1. Make a histogram of total personal income. Choose the binning so as to capture the shape well but not obscure too much detail. Are there outliers?
2. Compute the mean and five-number summary of total personal income. Which measure of location is most appropriate and why?
3. Compute the interquartile range and standard deviation of total personal income and interpret them in context. Which measure is more appropriate and why?
4. Compute the median total personal income separately for men and women.

[L3] Data from Chen, W., et al., Maternal investment increases with altitude in a frog on the Tibetan Plateau. Journal of Evolutionary Biology 26-12 (2013) includes measurements pertaining to egg clutches of several populations of frog at breeding ponds (sites) in the eastern Tibetan Plateau.
1. How many samples were collected at each site?
2. Compute the frequency distribution of site altitudes among samples collected in the study.

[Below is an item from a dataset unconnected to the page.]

(* The maps $\partial_{l-k}:\mathcal M_{l-k}\to\mathcal M_{l-k-1}$ are homomorphisms of $\mathbb Z[W]$-modules and satisfy $\partial_{l-k-1}\circ\partial_{l-k}=0$; thus $(\mathcal M_*,\partial)$ is a chain complex of $\mathbb Z[W]$-modules.
   Context: Let $\mathfrak g$ be a real split semisimple Lie algebra of rank $l$ with simple roots $\Pi=\{\alpha_1,\dots,\alpha_l\}$, Cartan matrix $C_{i,j}=\alpha_i(h_{\alpha_j})$ ($h_{\alpha_j}$ coroots), Weyl group $W$. For $S\subset\Pi$ let $W_S$ be generated by $s_\alpha$, $\alpha\in S$, and $\mathbb D(S)$ the set of functions $\eta:S\to\{\pm1\}$. For $\alpha_i\in S$ let $(s_{\alpha_i}\eta)(\alpha_j)=\eta(\alpha_j)\eta(\alpha_i)^{-C_{j,i}}$ ($\alpha_j\in S$) and $r_i=|\{\alpha_j\in\Pi\setminus S:C_{j,i}\text{ odd}\}|$; the free abelian group $\mathbb Z[\mathbb D(S)]$ is a $\mathbb Z[W_S]$-module with $s_{\alpha_i}\cdot\eta=\eta(\alpha_i)^{r_i}(s_{\alpha_i}\eta)$. Put $\mathcal M(S)=\mathbb Z[W]\otimes_{\mathbb Z[W_S]}\mathbb Z[\mathbb D(S)]$, with $\mathbb Z$-basis $w^\bullet\otimes\eta$ ($w^\bullet$ minimal-length representatives of $W/W_S$, $\eta\in\mathbb D(S)$), and $\mathcal M_{l-k}=\bigoplus_{|S|=k}\mathcal M(S)$. For $\eta\in\mathbb D(S)$ with $\Pi\setminus S=\{\alpha_{i_1},\dots,\alpha_{i_m}\}$, $i_1<\dots<i_m$, and $c\in\{1,2\}$, $\partial_{j,c}\eta\in\mathbb D(S\cup\{\alpha_{i_j}\})$ extends $\eta$ by $\alpha_{i_j}\mapsto-1$ if $c=1$, $+1$ if $c=2$. Define $\partial_{l-k}(w^\bullet\otimes\eta)=\sum_{j=1}^{l-k}\sum_{c=1}^2(-1)^{j+c+1}w^\bullet\otimes\partial_{j,c}\eta$, the $(j,c)$ term in $\mathcal M(S\cup\{\alpha_{i_j}\})$, extended $\mathbb Z$-linearly. *)

From HB Require Import structures.
From mathcomp Require Import all_boot all_order all_fingroup all_algebra.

3. Make a barplot of the frequency distribution from (a). Are samples collected more or less uniformily across altitudes? If not, which altitudes are most represented in the sample?
4. Make a histogram of clutch volumes. Describe the shape and number of modes.
5. Calculate the mean and five-number summary of clutch volume.
6. Calculate and interpret the standard deviation, variance, and interquartile range.
7. Calculate the average clutch volume separately for each altitude. Does average clutch volume seem to differ by altitude?
8. [optional] Devise a way to calculate the average absolute deviation.